HARSHDEEP HORTICO LIMITED

1. Report on the financial statements

We have audited the accompanying financial statements of HARSHDEEP HORTICO LIMITED, which comprise the Balance Sheet as at March 31st, 2024, the Statement of Profit and Loss and Cash Flow Statement for the year then ended, and a summary of significant accounting policies and other explanatory information.

2. Basis for Opinion:

We conducted our audit in accordance with the standards on auditing specified under section 143 (10) of the Companies Act, 2013. Our responsibilities under those Standards are further described in the auditors responsibilities for the audit of the financial statements section of our report. We are independent of the Company in accordance with the code of ethics issued by the Institute of Chartered Accountants of India together with the ethical requirements that are relevant to our audit of the financial statements under the provisions of the Act and the rules thereunder, and we have fulfilled our other ethical responsibilities in accordance with these requirements and the code of ethics.

We believe that the audit evidence we have obtained is sufficient and appropriate to provide a basis of our opinion.

3. Key Audit matters :

Key audit matters are those matters that, in our professional judgement, were of most significance in our audit of the financial statements of the current period.
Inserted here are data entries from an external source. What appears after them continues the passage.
Lemma weak_cvg_subseq (x : V^nat) (B : R) : (forall n, `|x n| <= B) ->
  exists2 phi : nat -> nat, increasing_seq phi & exists xb, weak_cvg ip (x \o phi) xb.
Proof.
move=> xB; have ip_bnd m : bounded_fun (fun n => ip (x n) (x m)).
  rewrite /bounded_near; near=> M => n _; apply: le_trans (normr_ip_le ipP _ _) _.
  apply: le_trans (ler_pM (normr_ge0 _) (normr_ge0 _) (xB n) (xB m)) _.
  by near: M; apply: nbhs_pinfty_ge; exact: num_real.
have [phi phi_incr phi_cvg] := diagonal_subseq ip_bnd.
pose z := x \o phi; have zB k : `|z k| <= B := xB (phi k).
have [p p_lim] := exists_ip_limit_repr zB.
pose G := [set w | ip (z k) w @[k --> \oo] --> ip p w].
have Gx m : G (x m).
  by have /cvg_ex[l zl] := phi_cvg m; rewrite /G /= (p_lim _ _ zl).
have G0 : G 0.
  by rewrite /G /= (ip0r ipP); under eq_fun do rewrite (ip0r ipP); exact: cvg_cst.
have linG a u v : G u -> G v -> G (a *: u + v).
  rewrite /G /= (ipDr ipP) (ipZr ipP) => Gu Gv.
  under eq_fun do rewrite (ipDr ipP) (ipZr ipP).
  by apply: cvgD => //; apply: cvgM => //; exact: cvg_cst.
exists phi => //; exists p => y.
have [s Gs sP] := exists_orthogonal_projection G0 linG (closed_ip_cvg_set ipP (p := p) zB) y.
have zy k : ip (z k) y = ip (z k) s.
  by apply/eqP; rewrite -subr_eq0 -(ipBr ipP) (ipC ipP) (sP _ (Gx (phi k))).
have py : ip p y = ip p s.
  apply/eqP; rewrite -subr_eq0 -(ipBr ipP); apply/eqP/p_lim.
  by under eq_fun do rewrite (ipBr ipP) zy subrr; exact: cvg_cst.
by rewrite py; under eq_fun do rewrite zy.
Unshelve. all: by end_near. Qed.

End hilbert_space.

Section tikhonov_regularization.
Context {R : realType} {V : completeNormedModType R} (ip : V -> V -> R).
Context (C : set V) (A F : V -> V) (lam LA : R).
Hypotheses (ipP : is_inner_product ip) (lam_gt0 : 0 < lam).
Hypotheses (A_smono : strongly_monotone ip A lam) (A_lip : lipschitz_with A LA).
Hypothesis AF_mono : couple_monotone ip A F.
Hypotheses (C_closed : closed C) (C_convex : convex_set (C : set (convex_lmodType V))).
Hypotheses (A_weak : seq_weak_weak_continuous ip A) (F_weak : seq_weak_weak_continuous ip F).

Let ipE := (ipDl ipP, ipDr ipP, ipNl ipP, ipNr ipP, ipZl ipP, ipZr ipP).

Local Notation Sol a := (GVI_sol ip A (fun x => F x + a *: x) C).

Lemma regularized_GVI_sol0 : Sol 0 = GVI_sol ip A F C.
Proof. by congr GVI_sol; apply/funext => x; rewrite scale0r addr0. Qed.

Lemma strongly_monotone_inj : injective A.
Proof.
move=> x y Axy; apply/eqP; rewrite -subr_eq0 -normr_eq0 -sqrf_eq0 eq_le sqr_ge0 andbT.
by rewrite -(pmulr_rle0 _ lam_gt0); apply: le_trans (A_smono x y) _; rewrite Axy subrr (ip0l ipP).
Qed.

Lemma regularized_sols_ip_le0 a b x y :
  Sol a x -> Sol b y -> ip (A x - A y) (a *: x - b *: y) <= 0.
Proof.
move=> [Cx xP] [Cy yP]; have := xP _ Cy; have := yP _ Cx; have := AF_mono x y.
by rewrite !ipE; lra.
Qed.

Lemma regularized_sol_ip_sol_le0 a x xs :
  0 < a -> Sol a x -> GVI_sol ip A F C xs -> ip (A x - A xs) x <= 0.
Proof.
rewrite -regularized_GVI_sol0 => a0 x_sol xs_sol.
have := regularized_sols_ip_le0 x_sol xs_sol.
by rewrite scale0r subr0 (ipZr ipP) pmulr_rle0.
Qed.

Lemma regularized_sol_sqr_dist_le a x xs : 0 < a -> Sol a x -> GVI_sol ip A F C xs ->
  lam * `|x - xs| ^+ 2 <= ip (A xs - A x) xs.
Proof.
move=> a0 x_sol xs_sol; apply: le_trans (A_smono x xs) _.
have := regularized_sol_ip_sol_le0 a0 x_sol xs_sol.
by rewrite !ipE; lra.
Qed.

Lemma regularized_sol_dist_le a x xs : 0 < a -> Sol a x -> GVI_sol ip A F C xs ->
  `|x - xs| <= `|LA| * `|xs| / lam.
Proof.
move=> a0 x_sol xs_sol; rewrite -[`|xs|]normr_id -normrM.
apply: le_div_of_sqr_le lam_gt0 (normr_ge0 _) _.
apply: le_trans (regularized_sol_sqr_dist_le a0 x_sol xs_sol) _.
apply: le_trans (ip_le_normM ipP _ _) _; rewrite mulrAC ler_wpM2r // distrC.
exact: A_lip.
Qed.

Lemma regularized_sol_lipschitz a b x y M : 0 < a -> 0 < b -> 0 <= M -> `|x| <= M ->
  Sol a x -> Sol b y -> `|x - y| <= `|LA| * M / lam * `|a - b| / b.
Proof.
move=> a0 b0 M0 xM x_sol y_sol.
have key : b * ip (A x - A y) (x - y) <= (b - a) * ip (A x - A y) x.
  by have := regularized_sols_ip_le0 x_sol y_sol; rewrite !ipE; lra.
have s1 : lam * b * `|x - y| ^+ 2 <= b * ip (A x - A y) (x - y).
  by rewrite mulrAC mulrC ler_pM2l //; exact: A_smono.
have s2 : (b - a) * ip (A x - A y) x <= `|b - a| * (`|A x - A y| * `|x|).
  by apply: le_trans (ler_norm _) _; rewrite normrM ler_wpM2l ?normr_ge0 ?normr_ip_le.
have s3 : `|A x - A y| * `|x| <= LA * `|x - y| * M.
  by apply: ler_pM => //; exact: normr_ge0.
have : lam * b * `|x - y| ^+ 2 <= `|b - a| * LA * M * `|x - y|.
  have := le_trans s1 (le_trans key s2); have := normr_ge0 (b - a); nra.
move/(le_div_of_sqr_le (mulr_gt0 lam_gt0 b0) (normr_ge0 _))/le_trans; apply.
rewrite !normrM normr_id (ger0_norm M0) (distrC b).
rewrite [X in _ <= X](_ : _ = `|a - b| * `|LA| * M / (lam * b)) //.
by field; rewrite !gt_eqF.
Qed.
Lemma diagonal_hull_weakly_binding : binds K -> weakly_Zfin_binding diagonal_hull.
Proof.
move=> K_binds; split; first exact: diagonal_hull_subgroup.
split=> [v v_fin|psi psi_add psi_hull]; first by exists 0; rewrite additive_map0 // subr0.
have phi_fin g : fin_supp (psi (theta g)).
  by apply: psi_hull; exists g; rewrite subrr; apply: subgroup0 Zfin_subgroup.
apply: finite_rank_multiples (K_binds _ _ (additive_map_comp theta_add psi_add) phi_fin).
move=> _ [z /Zfin_theta_multiple[E E_nz [g Kg theta_g]] <-].
by exists E => //; exists g; rewrite //= theta_g additive_mapMz.
Qed.

Let zbound (z : nat -> int) := xget 0%N (fun N => forall n, (N <= n)%N -> z n = 0).
Let embed (z : nat -> int) := \sum_(n < zbound z) k n *~ z n.
Let rep (v : nat -> int) := xget 0 (fun g => Zfin (v - theta g)).

Let theta_embed z : Zfin z -> forall m, theta (embed z) m = D m * z m.
Proof.
move=> /ZfinP/(xgetPex 0%N) z_tail m; rewrite additive_map_sum //.
under eq_bigr => n _ do rewrite additive_mapMz // theta_k -mulrzA.
by rewrite (sum_unitvE (fun n => D n * z n)); case: ltnP => // /z_tail->; rewrite mulr0.
Qed.

Let Zfin_theta_embed z : Zfin z -> Zfin (theta (embed z)).
Proof.
move=> z_fin; have /ZfinP[N z_tail] := z_fin.
by apply/ZfinP; exists N => n Nn; rewrite theta_embed // z_tail ?mulr0.
Qed.

(* rep v only depends on the class of v modulo Z^(omega), and embed is
   injective on Z^(omega) with values in theta^-1(Z^(omega)); so v can be read
   off rep v + embed (v - theta (rep v)). *)
Lemma diagonal_hull_card_le : exists f : {v | diagonal_hull v} -> G, injective f.
Proof.
exists (fun v => rep (sval v) + embed (sval v - theta (rep (sval v)))) => -[v v_hull] [w w_hull] /=.
set g := rep v; set h := rep w.
set a := v - theta g; set b := w - theta h => E.
have a_fin : Zfin a := xgetPex 0 v_hull; have b_fin : Zfin b := xgetPex 0 w_hull.
have gh : g - h = embed b - embed a.
  by rewrite -[g](addrK (embed a)) E addrAC [h + _ - h]addrC addKr.
have vw_fin : Zfin (v - w).
  have -> : v - w = a - b + theta (g - h).
    by rewrite theta_add /a /b; ring.
  apply: (subgroupD Zfin_subgroup); first exact: subgroupB Zfin_subgroup _ _ a_fin b_fin.
  by rewrite gh theta_add; apply: subgroupB Zfin_subgroup _ _ _ _; apply: Zfin_theta_embed.
have g_eq_h : g = h.
  rewrite /g /h /rep; congr (xget 0 _); apply/funext => u; apply/propext.
  have -> : w - theta u = (v - theta u) - (v - w) by ring.
  split=> u_fin; first exact: subgroupB Zfin_subgroup _ _ u_fin vw_fin.
  by rewrite -(subrK (v - w) (v - theta u)); apply: subgroupD Zfin_subgroup _ _ u_fin vw_fin.
have a_eq_b : a = b.
  apply/funext => m; apply: (mulfI (D_nz m)); rewrite -!theta_embed //.
  by move: E; rewrite g_eq_h => /addrI->.
have v_eq_w : v = w by rewrite -(subrK (theta g) v) -/a a_eq_b /b g_eq_h subrK.
by move: w_hull; rewrite -v_eq_w => w_hull; rewrite (Prop_irrelevance v_hull w_hull).
Qed.

End DiagonalHull.

Theorem corollary5 :
  (* aleph_1 <= kappa_wb : every weakly Z^(omega)-binding group is uncountable *)
  (forall G : (nat -> int) -> Prop, weakly_Zfin_binding G ->
     ~ exists f : {v | G v} -> nat, injective f) /\
  (* kappa_wb <= kappa_b *)
  (forall G : zmodType, binding G ->
     exists H : (nat -> int) -> Prop, weakly_Zfin_binding H /\
       exists f : {v | H v} -> G, injective f) /\
  (* kappa_b <= kappa_sb *)
  (forall G : zmodType, self_binding G ->
     exists H : zmodType, binding H /\ exists f : H -> G, injective f) /\
  (* kappa_sb <= continuum = |nat -> bool| *)
  (exists G : zmodType, self_binding G /\
     exists f : G -> (nat -> bool), injective f).
Proof.
split; first exact: weakly_binding_uncountable.
split.
  move=> G [[I [f [f_add f_inj]]] [K [K_sub [K_inf K_binds]]]].
  have [theta [k [D [theta_add K_k D_nz theta_k]]]] :=
    infinite_rank_diagonal_map f_add f_inj K_sub K_inf.
  exists (diagonal_hull theta); split; last exact: diagonal_hull_card_le.
  exact: diagonal_hull_weakly_binding K_k D_nz theta_k K_binds.
split.
  move=> G [G_torsionless [G_inf G_binds]]; exists G; split; last by exists id.
  by split=> //; exists (fun=> True).
exists (nat -> int : zmodType); split; first exact: Zomega_self_binding.
exact: countType_fun_inj_bits.
Qed.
These matters were addressed in the context of our audit of the financial statements as a whole, and is forming our opinion thereon, and we do not provide a separate opinion on these matters.

4. Management responsibility for the financial statement

The Companys Board of Directors is responsible for the matters stated in section 134(5) of the Companies Act, 2013 ("the Act") with respect to the preparation and presentation of these financial statements that give a true and fair view of the financial position, financial performance of the Company in accordance with the accounting principles generally accepted in India, including the Accounting Standards specified under Section 133 of the Act, read with Rule 7 of the Companies (Accounts) Rules, 2014. This responsibility also includes the maintenance of adequate accounting records in accordance with the provision of the Act for safeguarding of the assets of the Company and for preventing and detecting the frauds and other irregularities; selection and application of appropriate accounting policies; making judgments and estimates that are reasonable and prudent; and design, implementation and maintenance of adequate internal financial control, that were operating effectively for ensuring the accuracy and completeness of the accounting records, relevant to the preparation and presentation of the financial statements that give a true and fair view and are free from material misstatement, whether due to fraud or error.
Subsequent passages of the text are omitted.